Being "tongue in cheek" means that you're presenting something ironically or something that is borderline of what's socially acceptable in modern culture.

For instance, comedians have a good way of making their jokes tongue in cheek about current events. They may make a thought-provoking presentation that leaves you wondering about the general narrative of something.

Typically, tongue-in-cheek behavior is on the borderline of getting away with it in the eyes of the audience or the people watching or listening to your behavior.

Example Usage

"That comedians joke about the political climate was pretty tongue in cheek. I wonder if the woke mob will cancel him for saying that?"

"That was a pretty tongue in cheek presentation, Deb; you got right down to the facts and made the board feel slightly uncomfortable, which is exactly what we wanted from it."

"That was a tongue in cheek statement by the president. How does he expect to achieve that in the next 90-days?"

"The show is top-quality, tongue-in-cheek entertainment for teens and young adults looking for something different."


The origin of the expression "tongue in cheek" comes from the visual expression of placing your tongue into your cheek. Language experts think that the phrase originates from the reaction to hearing something that is on the fringe of what we find acceptable.

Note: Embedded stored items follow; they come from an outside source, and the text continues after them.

Theorem proposition5p11
  (delta : nat) (pc : nat -> Cx)
  (N d gamma : nat) (qc : nat -> nat -> Cx)
  (* p monic of degree delta >= 2 *)
  (Hdelta : (2 <= delta)%nat)
  (Hpmon : pc delta = Cx1)
  (Hpdeg : forall k, (delta < k)%nat -> pc k = Cx0)
  (* q has degree d >= 2 in w, z-degree at most N *)
  (Hd : (2 <= d)%nat)
  (HqN : forall n m, (N < n)%nat -> qc n m = Cx0)
  (Hqd : forall n m, (d < m)%nat -> qc n m = Cx0)
  (* leading coefficient b(z) = sum_n qc n d z^n monic of degree gamma *)
  (Hbmon : qc gamma d = Cx1)
  (Hbdeg : forall n, (gamma < n)%nat -> qc n d = Cx0)
  (* hypotheses of the proposition *)
  (Hdd : (delta < d)%nat)
  (Hgamma : (1 <= gamma)%nat)
  (Halpha : alpha_of delta gamma N d qc = INR gamma / (INR delta - INR d)) :
  forall eps : R, 0 < eps ->
  exists Rad : R, 0 < Rad /\
    forall z w : Cx, Rad < Cnorm z ->
      (* any branch of z^{-alpha}: exp(-alpha * L) with exp L = z *)
      forall L : Cx, Cexp L = z ->
      Rabs (Galpha (alpha_of delta gamma N d qc) delta pc N d qc z w
            - Gh (alpha_of delta gamma N d qc) gamma N d qc
                 (Cmul (Cexp (Cscal (- alpha_of delta gamma N d qc) L)) w)) < eps.
Proof.
  intros eps Heps. set (al := alpha_of delta gamma N d qc).
  assert (Hal : al * (INR delta - INR d) = INR gamma).
  { unfold al. rewrite Halpha. field. apply lt_INR in Hdd. lra. }
  assert (HgN : (gamma <= N)%nat).
  { destruct (Compare_dec.le_lt_dec gamma N) as [|Hlt]; [assumption|].
    pose proof (HqN gamma d Hlt) as E. rewrite Hbmon in E. injection E. lra. }
  (* Green stability of h gives the admissible error eta ... *)
  destruct (monic_green_stability d (hcoef al gamma N d qc) eps Hd
              (hcoef_lead al gamma N d qc HgN Hbmon) Heps) as [eta [Heta Hstable]].
  (* ... which the conjugated orbit achieves once |z| is large. *)
  destruct (conj_orbit_pseudo_orbit delta gamma N d pc qc al Hdelta Hpmon Hdd Hal
              (alpha_ge delta gamma N d qc) Hbdeg eta Heta) as [Rad0 [HRad0 Hpseudo]].
  exists (Rad0 + 2 * coef_sum delta pc). pose proof (coef_sum_ge1 delta pc Hpmon).
  split; [lra|]. intros z w Hz L HL. rewrite Cnorm_Cmod in Hz.
  destruct (Hstable (conj_orbit delta pc N d qc al z L w)
              (fun n => hiter al gamma N d qc n (conj_orbit delta pc N d qc al z L w O))
              (Hpseudo z w L ltac:(lra) HL) (fun n => eq_refl) eq_refl)
    as [lu [lv [Hlu [Hlv Hclose]]]].
  rewrite (Galpha_limit delta pc N d qc al z L w lu Hdelta Hpmon ltac:(lra) HL Hlu).
  rewrite (Gh_limit al gamma N d qc (Cmul (Cexp (Cscal (- al) L)) w) lv Hlv). exact Hclose.
Qed.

The expression first appeared in print in "The Fair Maid of Perth," by Sir Walter Scott, 1828, where it reads as follows.

"The fellow who gave this all-hail thrust his tongue in his cheek to some scapegraces like himself."

However, it's important to note that language experts are unsure if Scott was using the phrase in a sarcastic connotation.

Tobias Smollett published "The Adventures of Roderick Random" in 1748. The story's hero ends up in an altercation with a passenger where he says the following.

"I signified my contempt of him by thrusting my tongue in my cheek, which humbled him so much that he scarce swore another oath aloud during the whole journey."

Richard Barham would later cite the expression in his 1845 work, "The Ingoldsby Legends."

Phrases Similar to Tongue in Cheek

  • Risky and adventurous.
  • On the fringe.

Phrases Opposite to Tongue in Cheek

  • Boring.
  • Plain Jane.

What is the Correct Saying?

  • Tongue in cheek.

Ways People May Say Tongue in Cheek Incorrectly

The phrase doesn't have anything to do with the action of placing your tongue in your cheek. Neither does it have a sexual connotation referring to fellatio. It's a way of describing something as cutting edge or on the verge of going too far. The expression refers to words more than actions. As in, the podcast presenter had a "tongue in cheek" show interviewing celebrities.

Acceptable Ways to Phrase Tongue in Cheek

You can use the phrase "tongue in cheek" when describing actions or behavior that is off-culture or not the norm. It's a way of saying something is cheeky or has dark humor. For instance, if you were at a comedy show and the comedian said something funny but clever about a current event, that would be a "tongue in cheek" joke. The phrase can apply to several social and professional situations. For instance, a marketing department could run a "tongue in cheek" ad campaign to get shock value from their target market.